To do a genome-wide gene expression study of active and inactive ulcerative colitis and Crohn's disease (inflammatory bowel disease--IBD) and examine the most differentially expressed genes. As the study showed an extreme upregulation of all regenerating islet-derived genes (REG proteins) in active IBD, we further studied the expression of REGs on protein level in active and inactive IBD, as well as in non-IBD (pseudomembranous) colitis. Microarray analysis was done on a total of 100 pinch biopsy samples from healthy controls and patients with Crohn's disease or ulcerative colitis. Tissue samples from IBD and pseudomembranous colitis were examined with routine histology and immunohistochemical analysis for REGIα, REGIV, DEFA6, and serotonin. REG mRNAs were up to 83 times overexpressed in diseased mucosa compared with mucosa from healthy individuals. REGIα and REGIV were overexpressed at immunohistochemistry and located to different mucosal cell types.
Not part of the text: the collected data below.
(* Let $M=(S,\Sigma,\delta,s_0,F)$ be a deterministic finite automaton, let $T\ge 1$ be an integer, and for each $s\in S$ let $P(\cdot\mid s)$ and $Q(\cdot\mid s)$ be probability distributions on $\Sigma$. Define probability distributions $P$ and $Q$ on $\Sigma^T$ by $P(x)=\prod_{t=1}^T P(\sigma_t\mid s_t)$ and $Q(x)=\prod_{t=1}^T Q(\sigma_t\mid s_t)$ for $x=\sigma_1\cdots\sigma_T$, where $s_1\cdots s_{T+1}$ is the state sequence induced by $x$. Let $f^*:\Sigma^T\to\{0,1\}$ be $f^*(x)=\mathbb{1}(s_{T+1}\in F)$, and let $\hat f:\Sigma^T\to\{0,1\}$ be any function. Let $\epsilon=\max_{s\in S}\mathrm{TV}(P(\sigma\mid s),Q(\sigma\mid s))$. Then $$L_Q(\hat f)\le L_P(\hat f)+2T|S|^{T+1}\epsilon.$$
   Context: A deterministic finite automaton $M=(S,\Sigma,\delta,s_0,F)$ has a finite state set $S$, a finite alphabet $\Sigma$, a transition function $\delta:S\times\Sigma\to S$, an initial state $s_0\in S$ and a set of final states $F\subseteq S$. For a string $x=\sigma_1\cdots\sigma_T$, the induced state sequence $s_1\cdots s_{T+1}$ is given by $s_1=s_0$ and $s_{t+1}=\delta(s_t,\sigma_t)$. For a distribution $D$ on $\Sigma^T$, $L_D(\hat f)=\mathbb{P}_{x\sim D}[\hat f(x)\neq f^*(x)]$. The total variation distance between discrete distributions is defined without the factor $1/2$: $\mathrm{TV}(\mu,\nu)=\sum_a|\mu(a)-\nu(a)|$. *)

From mathcomp Require Import all_boot all_order all_algebra.
Set Implicit Arguments. Unset Strict Implicit. Unset Printing Implicit Defensive.
Import Order.TTheory GRing.Theory Num.Theory.
Local Open Scope ring_scope.

Section DFA.
Variables (S Sigma : finType) (delta : S -> Sigma -> S) (s0 : S).

Definition dfa_run (w : seq Sigma) : S := foldl delta s0 w.

(* For x = sigma_1 ... sigma_T and 0-indexed t < T, the state s_{t+1}
   (1-indexed in the paper) is dfa_run (take t x): the state in which
   letter sigma_{t+1} = tnth x t is read. *)
Definition seq_prob (T : nat) (R : numDomainType) (Pc : S -> Sigma -> R)
  (x : T.-tuple Sigma) : R :=
  \prod_(t < T) Pc (dfa_run (take t x)) (tnth x t).

Definition fstar (T : nat) (F : {set S}) (x : T.-tuple Sigma) : bool :=
  dfa_run x \in F.
End DFA.

Definition loss (Sigma : finType) (T : nat) (R : numDomainType)
  (D : T.-tuple Sigma -> R) (fhat f : T.-tuple Sigma -> bool) : R :=
  \sum_(x : T.-tuple Sigma | fhat x != f x) D x.

(* total variation without the factor 1/2 *)
Definition TV (Sigma : finType) (R : numDomainType) (mu nu : Sigma -> R) : R :=
  \sum_(a : Sigma) `|mu a - nu a|.

Definition is_distr (Sigma : finType) (R : numDomainType) (mu : Sigma -> R) : Prop :=
  (forall a, 0 <= mu a) /\ \sum_(a : Sigma) mu a = 1.

(** The probability of a word factors letter by letter along the run of the
    automaton, so the hybrid argument (swap the first letter's distribution,
    then recurse from the next state) bounds the L1 distance between the two
    word distributions by [T * eps].  Changing the distribution under which
    the error event is measured costs at most that L1 distance, which is far
    below [2 T |S|^(T+1) eps]; the argument does not need [T >= 1]. *)

From mathcomp Require Import all_boot all_order all_algebra.
From mathcomp Require Import ring.
Set Implicit Arguments. Unset Strict Implicit. Unset Printing Implicit Defensive.
Import Order.TTheory GRing.Theory Num.Theory.
Local Open Scope ring_scope.

Lemma sum_tupleS (Sigma : finType) (V : nmodType) (n : nat)
    (f : n.+1.-tuple Sigma -> V) :
  \sum_(x : n.+1.-tuple Sigma) f x =
  \sum_(a : Sigma) \sum_(x : n.-tuple Sigma) f [tuple of a :: x].
Proof.
rewrite pair_big /=.
rewrite (reindex (fun p : Sigma * n.-tuple Sigma => [tuple of p.1 :: p.2])) //=.
exists (fun x : n.+1.-tuple Sigma => (thead x, [tuple of behead x])).
  by move=> [a x] _ /=; congr pair; apply: val_inj.
by move=> [[|a w] ?] _; apply: val_inj.
Qed.

Lemma sum_tuple0 (Sigma : finType) (V : nmodType) (f : 0.-tuple Sigma -> V) :
  \sum_(x : 0.-tuple Sigma) f x = f [tuple].
Proof. by rewrite (big_pred1 [tuple]) // => x; apply/esym/eqP; exact: tuple0. Qed.

Lemma normB_mul_le (R : numDomainType) (a b x y : R) :
  0 <= b -> 0 <= x -> `|a * x - b * y| <= `|a - b| * x + b * `|x - y|.
Proof.
move=> b_ge0 x_ge0.
have -> : a * x - b * y = (a - b) * x + b * (x - y) by ring.
apply: (le_trans (ler_normD _ _)).
by rewrite !normrM (ger0_norm x_ge0) (ger0_norm b_ge0).
Qed.

Lemma loss_le_add_l1 (Sigma : finType) (T : nat) (R : realDomainType)
    (D D' : T.-tuple Sigma -> R) (fhat f : T.-tuple Sigma -> bool) :
  loss D' fhat f <= loss D fhat f + \sum_x `|D x - D' x|.
Proof.
rewrite /loss [X in _ <= _ + X](bigID (fun x => fhat x != f x)) /= addrA.
rewrite -big_split /= -[leLHS]addr0 lerD ?sumr_ge0 //.
apply: ler_sum => x _; rewrite -lerBlDl distrC; exact: ler_norm.
Qed.

Section WordProb.
Variables (R : numDomainType) (S Sigma : finType) (delta : S -> Sigma -> S).

Fixpoint word_prob (P : S -> Sigma -> R) (s : S) (w : seq Sigma) : R :=
  if w is a :: w' then P s a * word_prob P (delta s a) w' else 1.

Lemma prod_run_word_prob (P : S -> Sigma -> R) s (w : seq Sigma) (a0 : Sigma) :
  \prod_(t < size w) P (dfa_run delta s (take t w)) (nth a0 w t)
  = word_prob P s w.
Proof.
elim: w s => [|a w IH] s /=; first by rewrite big_ord0.
by rewrite big_ord_recl /= -IH.
Qed.

Lemma seq_prob_word_prob (T : nat) (P : S -> Sigma -> R) s
    (x : T.-tuple Sigma) :
  seq_prob delta s P x = word_prob P s x.
Proof.
rewrite /seq_prob; case: T x => [|n] x; first by rewrite tuple0 big_ord0.
rewrite -(prod_run_word_prob _ _ _ (thead x)) size_tuple.
by apply: eq_bigr => t _; rewrite (tnth_nth (thead x)).
Qed.

Variables (P Q : S -> Sigma -> R).
Hypothesis hP : forall s, is_distr (P s).
Hypothesis hQ : forall s, is_distr (Q s).

Lemma word_prob_ge0 s w : 0 <= word_prob P s w.
Proof. by elim: w s => [|a w IH] s //=; rewrite mulr_ge0 //; case: (hP s). Qed.

Lemma sum_word_prob n s : \sum_(x : n.-tuple Sigma) word_prob P s x = 1.
Proof.
elim: n s => [|n IH] s; first by rewrite sum_tuple0.
rewrite sum_tupleS /=.
under eq_bigr => a _ do rewrite -mulr_sumr IH mulr1.
by case: (hP s).
Qed.

Lemma sum_dist_word_prob (eps : R) :
    (forall s, TV (P s) (Q s) <= eps) -> forall n s,
  \sum_(x : n.-tuple Sigma) `|word_prob P s x - word_prob Q s x| <= n%:R * eps.
Proof.
move=> heps; elim=> [|n IH] s; first by rewrite sum_tuple0 subrr normr0 mul0r.
rewrite sum_tupleS /=.
apply: (@le_trans _ _ (\sum_a \sum_(x : n.-tuple Sigma)
  (`|P s a - Q s a| * word_prob P (delta s a) x
   + Q s a * `|word_prob P (delta s a) x - word_prob Q (delta s a) x|))).
  apply: ler_sum => a _; apply: ler_sum => x _.
  by apply: normB_mul_le; [case: (hQ s) | exact: word_prob_ge0].
under eq_bigr => a _ do rewrite big_split /=.
rewrite big_split /= mulrSr mulrDl mul1r addrC; apply: lerD.
  have [Q_ge0 sum_Q] := hQ s.
  apply: (@le_trans _ _ (\sum_a Q s a * (n%:R * eps))).
    by apply: ler_sum => a _; rewrite -mulr_sumr ler_wpM2l.
  by rewrite -mulr_suml sum_Q mul1r.
under eq_bigr => a _ do rewrite -mulr_sumr sum_word_prob mulr1.
exact: heps.
Qed.

End WordProb.

Theorem theorem4p3 (R : realFieldType) (S Sigma : finType)
  (delta : S -> Sigma -> S) (s0 : S) (F : {set S}) (T : nat) (hT : (1 <= T)%N)
  (P Q : S -> Sigma -> R)
  (hP : forall s, is_distr (P s)) (hQ : forall s, is_distr (Q s))
  (fhat : T.-tuple Sigma -> bool) :
  let eps := \big[Num.max/0]_(s : S) TV (P s) (Q s) in
  loss (seq_prob delta s0 Q) fhat (fstar delta s0 F)
  <= loss (seq_prob delta s0 P) fhat (fstar delta s0 F)
     + (2 * T * #|S| ^ T.+1)%:R * eps.
Proof.
rewrite /=; set eps := \big[Num.max/0]_s TV (P s) (Q s).
have heps s : TV (P s) (Q s) <= eps by exact: le_bigmax.
have eps_ge0 : 0 <= eps by apply: le_trans (heps s0); apply: sumr_ge0.
apply: (le_trans (loss_le_add_l1 (seq_prob delta s0 P) _ _ _)).
rewrite lerD2l.
under eq_bigr => x _ do rewrite !seq_prob_word_prob.
apply: (le_trans (sum_dist_word_prob delta hP hQ heps T s0)).
have S_gt0 : (0 < #|S|)%N by apply/card_gt0P; exists s0.
by rewrite ler_wpM2r // ler_nat mulnC mulnA leq_pmull // muln_gt0 expn_gt0 S_gt0.
Qed.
REGIα was expressed in basal half of crypts, REGIV in mid and outer parts of crypts and in surface epithelium and seems to be stored in, and secreted from, goblets. Pseudomembranous colitis samples showed similar staining patterns, and some IBD samples stained REG positive without inflammation on routine histology. All REG family mRNAs are upregulated in IBD. REGIα and REGIV have different cellular localization, possibly reflecting different biological functions. REG protein expression also in pseudomembranous colitis shows that REG family proteins are regulated in inflammatory injury and repair, not specifically for IBD as previously thought.